Cell migration is driven by actin filament polymerization that pushes the leading edge of the cell forward, as well as F-actin retrograde flow. Focal adhesions (FAs) adhere the crawling cell to the underlying extracellular matrix (ECM), and are assembled and disassembled near the leading edge of the cell. Proteins of these FAs are believed to make up a “molecular clutch” that engages the retrograde F-actin flow, and a recent paper identifies the protein vinculin, an actin-binding protein, as a molecular clutch. Thievessen and colleagues investigated the effects of vinculin gene disruption in migrating fibroblasts, and found that vinculin is important in regulating F-actin organization and FA dynamics. Specifically, vinculin generates the ECM traction forces necessary for migration, and promotes FA formation and turnover.

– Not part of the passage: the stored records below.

Lemma primary_decomposition x : exists (s : seq {poly R}) (h : {poly R} -> {poly R}),
  (forall q, q \in s -> real_eig_factor A q /\ in_geneig A q (peval (h q) A *m x))
  /\ x = \sum_(q <- s) peval (h q) A *m x.
Proof.
have char_x0 : peval (char_poly A) A *m x = 0 by rewrite peval_char_poly mul0mx.
have [s [h [s_spec x_eq]]] := primary_decomposition_dvdp (dvdpp _) char_x0.
by exists s, h; split=> // q /s_spec [q_monic q_irr q_char q_geneig].
Qed.

End GeneralizedEigenspace.

Section InvariantSubspace.
Variables (R : realType) (n : nat) (A : 'M[R]_n) (P : 'cV[R]_n -> Prop).
Hypotheses (P0 : P 0) (PD : forall x y, P x -> P y -> P (x + y)).
Hypotheses (PZ : forall c x, P x -> P (c *: x)) (PA : forall x, P x -> P (A *m x)).

Lemma invariant_peval q x : P x -> P (peval q A *m x).
Proof.
move=> Px; rewrite /peval mulmx_suml; apply: big_ind => // i _.
rewrite -scalemxAl; apply: PZ; elim: (nat_of_ord i) => [|j IH]; first by rewrite mul1mx.
by rewrite exprS -mulmxE -mulmxA; apply: PA.
Qed.

End InvariantSubspace.

Lemma in_ker_peval (R : realType) r n (A : 'M[R]_n) (M : 'M[R]_(r, n)) q x :
  (forall y, in_ker M y -> in_ker M (A *m y)) -> in_ker M x -> in_ker M (peval q A *m x).
Proof.
move=> MA; apply: invariant_peval => // [|y z My Mz|c y My]; rewrite /in_ker.
- by rewrite mulmx0.
- by rewrite mulmxDr My Mz addr0.
- by rewrite -scalemxAr My scaler0.
Qed.

Section Reachable.
Variables (R : realType) (n l : nat) (A : 'M[R]_n) (G : 'M[R]_(n, l)).

Lemma in_reach_kP k x : in_im (reach_k A G k) x <->
  exists f : nat -> 'cV[R]_l, x = \sum_(i < k) A ^+ i *m (G *m f i).
Proof.
elim: k x => [|k IH] x.
  split=> [[u ->]|[f ->]]; last by exists 0; rewrite big_ord0 mul0mx.
  by exists (fun=> 0); rewrite big_ord0 mul0mx.
split=> [[u ->] | [f ->]] /=.
  rewrite -[u : 'cV_(l + k * l)]vsubmxK mul_row_col -mulmxA.
  have [f ->] := (IH _).1 (ex_intro _ (dsubmx (u : 'cV_(l + k * l))) erefl).
  exists (fun i => if i is i'.+1 then f i' else usubmx (u : 'cV_(l + k * l))).
  rewrite big_ord_recl /= expr0 mul1mx mulmx_sumr; congr (_ + _).
  by apply: eq_bigr => i _; rewrite exprS mulmxA mulmxE.
have [u u_eq] := (IH _).2 (ex_intro _ (fun i => f i.+1) erefl).
exists (col_mx (f 0%N) u); rewrite mul_row_col -mulmxA -u_eq mulmx_sumr.
rewrite big_ord_recl /= expr0 mul1mx; congr (_ + _).
by apply: eq_bigr => i _; rewrite exprS -mulmxE !mulmxA.
Qed.

Lemma in_Reach_pow k w : in_im (Reach A G) (A ^+ k *m (G *m w)).
Proof.
have char_neq0 : char_poly A != 0 by rewrite -size_poly_gt0 size_char_poly.
pose r := 'X^k %% char_poly A.
(* Cayley--Hamilton: [A ^+ k] is a polynomial of degree [< n] in [A]. *)
have Ak : A ^+ k = peval r A.
  rewrite -[in LHS](pevalX A) -pevalXn {1}(divp_eq 'X^k (char_poly A)).
  by rewrite pevalD pevalM peval_char_poly mulr0 add0r.
have r_small : (size r <= n)%N by rewrite -ltnS -(size_char_poly A) ltn_modp.
apply/in_reach_kP; exists (fun i => r`_i *: w).
rewrite Ak (peval_widen A r_small) mulmx_suml; apply: eq_bigr => i _.
by rewrite -scalemxAl -!scalemxAr.
Qed.

Lemma in_im0 k (M : 'M[R]_(n, k)) : in_im M 0.
Proof. by exists 0; rewrite mulmx0. Qed.

Lemma in_imD k (M : 'M[R]_(n, k)) x y : in_im M x -> in_im M y -> in_im M (x + y).
Proof. by move=> [u ->] [v ->]; exists (u + v); rewrite mulmxDr. Qed.

Lemma in_imZ k (M : 'M[R]_(n, k)) c x : in_im M x -> in_im M (c *: x).
Proof. by move=> [u ->]; exists (c *: u); rewrite scalemxAr. Qed.

Lemma in_ReachA x : in_im (Reach A G) x -> in_im (Reach A G) (A *m x).
Proof.
move=> /in_reach_kP [f ->]; rewrite mulmx_sumr.
apply: big_ind => [|y z|i _]; [exact: in_im0 | exact: in_imD |].
by rewrite mulmxA mulmxE -exprS; apply: in_Reach_pow.
Qed.

Lemma in_Reach_peval q x : in_im (Reach A G) x -> in_im (Reach A G) (peval q A *m x).
Proof.
apply: invariant_peval; [exact: in_im0 | exact: in_imD | exact: in_imZ | exact: in_ReachA].
Qed.

End Reachable.

Section Observable.
Variables (R : realType) (n p : nat) (A : 'M[R]_n) (C : 'M[R]_(p, n)).

Lemma obs_k_ker k (x : 'cV[R]_n) : (forall i, C *m (A ^+ i *m x) = 0) -> obs_k A C k *m x = 0.
Proof.
elim: k x => [|k IH] x Cx0; first by rewrite mul0mx.
have Cx : C *m x = 0 by have := Cx0 0%N; rewrite mul1mx.
have CAx : obs_k A C k *m (A *m x) = 0.
  by apply: IH => i; have := Cx0 i.+1; rewrite exprSr -mulmxE -mulmxA.
by rewrite /= mul_col_mx -mulmxA Cx CAx col_mx0.
Qed.

Lemma in_ker_Obs_C (x : 'cV[R]_n) : in_ker (Obs A C) x -> C *m x = 0.
Proof.
rewrite /in_ker /Obs; case: n A C x => [|n'] A' C' x.
  by move=> _; rewrite [x]flatmx0 mulmx0.
by rewrite /= mul_col_mx => /eqP; rewrite col_mx_eq0 => /andP[/eqP].
Qed.

End Observable.

Section KernelDimension.
Variable R : realType.

Lemma kerdimE r n (M : 'M[R]_(r, n)) : kerdim M = (n - \rank M)%N.
Proof. by rewrite /kerdim mxrank_ker mxrank_tr. Qed.

Lemma sub_ker_submx r1 r2 n (M : 'M[R]_(r1, n)) (N : 'M[R]_(r2, n)) :
  (forall x, in_ker N x -> in_ker M x) -> (M <= N)%MS.
Proof.
move=> NM; rewrite submxE; apply/eqP/matrixP => i j.
have := NM (cokermx N *m delta_mx j 0); rewrite /in_ker mulmxA mulmx_coker mul0mx.
by move=> /(_ erefl) /(congr1 (fun v : 'cV[R]_r1 => v i 0)); rewrite mulmxA -colE !mxE.
Qed.

Lemma kerdim_rel_le r1 r2 n (R1 R2 : 'M[R]_(r1, n)) (S : 'M[R]_(r2, n)) :
  (forall x, in_ker R2 x -> in_ker S x) ->
  (kerdim (row_mx R1 (- R2)) <= kerdim (row_mx S (- S)))%N.
Proof.
move=> R2S; rewrite !kerdimE leq_sub2l //.
have rank_S : (\rank (row_mx S (- S)) <= \rank S)%N.
  have -> : row_mx S (- S) = S *m row_mx 1%:M (- 1%:M).
    by rewrite mul_mx_row mulmx1 mulmxN mulmx1.
  exact: mxrankM_maxl.
have rank_R2 : (\rank R2 <= \rank (row_mx R1 (- R2)))%N.
  apply: leq_trans (mxrankM_maxl _ (col_mx 0 1%:M)).
  by rewrite mul_row_col mulmx0 add0r mulmx1 mxrank_opp.
exact: leq_trans rank_S (leq_trans (mxrankS (sub_ker_submx R2S)) rank_R2).
Qed.

End KernelDimension.

Lemma in_relE (R : realType) r n (R1 R2 : 'M[R]_(r, n)) x x' :
  in_rel R1 R2 x x' <-> R1 *m x = R2 *m x'.
Proof.
rewrite /in_rel mul_row_col mulNmx.
by split=> [/eqP | ->]; [rewrite subr_eq0 => /eqP | exact: subrr].
Qed.

Lemma in_rel_diagE (R : realType) r n (M : 'M[R]_(r, n)) x x' :
  in_rel M M x x' <-> in_ker M (x - x').
Proof.
rewrite in_relE /in_ker mulmxBr.
by split=> [-> | /eqP]; [exact: subrr | rewrite subr_eq0 => /eqP].
Qed.

Section SSigma.
Variables (R : realType) (n l p : nat).
Variables (A : 'M[R]_n) (G : 'M[R]_(n, l)) (C : 'M[R]_(p, n)).

Definition in_SSigma (x : 'cV[R]_n) : Prop :=
  exists (s : seq {poly R}) (v : {poly R} -> 'cV[R]_n),
    [/\ forall q, q \in s ->
          [/\ real_eig_factor A q,
              (forall y, in_geneig A q y -> in_ker (Obs A C) y),
              (forall y, in_geneig A q y -> in_im (Reach A G) y -> y = 0)
            & in_geneig A q (v q)]
      & x = \sum_(q <- s) v q].

Lemma in_SSigmaA x : in_SSigma x -> in_SSigma (A *m x).
Proof.
move=> [s [v [s_spec ->]]]; exists s, (fun q => A *m v q); split; last exact: mulmx_sumr.
by move=> q /s_spec [q_factor SQ SG0 /geneigA].
Qed.

Lemma in_SSigma_C x : in_SSigma x -> C *m x = 0.
Proof.
move=> [s [v [s_spec ->]]]; rewrite mulmx_sumr big1_seq // => q /andP[_ /s_spec [_ SQ _ vq]].
exact/in_ker_Obs_C/SQ.
Qed.

Lemma in_SSigma_Reach0 x : in_im (Reach A G) x -> in_SSigma x -> x = 0.
Proof.
move=> x_G [s [v [s_spec x_eq]]].
have [s' [h [s'_spec x_eq']]] := primary_decomposition A x.
rewrite x_eq' big1_seq // => q' /andP[_ /s'_spec [[q'_monic [q'_irr _]] q'_geneig]].
have [q'_s | q'_Ns] := boolP (q' \in s).
  by have [_ _ SG0 _] := s_spec q' q'_s; apply: SG0 => //; apply: in_Reach_peval.
move: q'_geneig; rewrite x_eq mulmx_sumr; apply: geneig_sum_coprime0 => q q_s.
  have [[q_monic [q_irr _]] _ _ _] := s_spec q q_s.
  by apply: monic_irredp_coprimep => //; apply: contraNneq q'_Ns => ->.
by have [_ _ _ /(geneig_peval (h q'))] := s_spec q q_s.
Qed.

Hypothesis dichotomy : forall q : {poly R}, real_eig_factor A q ->
  ((forall x, in_geneig A q x -> in_im (Reach A G) x) \/
   (forall x, in_geneig A q x -> in_im (Reach A G) x -> x = 0)) /\
  ((forall x, in_geneig A q x -> in_ker (Obs A C) x) \/
   (forall x, in_geneig A q x -> in_ker (Obs A C) x -> x = 0)).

In the images above, a normal fibroblast (top) and a fibroblast lacking vinculin (bottom) show F-actin (green) and the lamellipodial protein cortactin (purple). Normal crawling fibroblasts have a sharply defined band of cortactin colocalized with F-actin at the leading edge, while vinculin mutants have a wider, less defined region of cortactin at the leading edge, suggesting the importance of vinculin in leading edge organization.
BONUS! Check out some cool movies from this paper here.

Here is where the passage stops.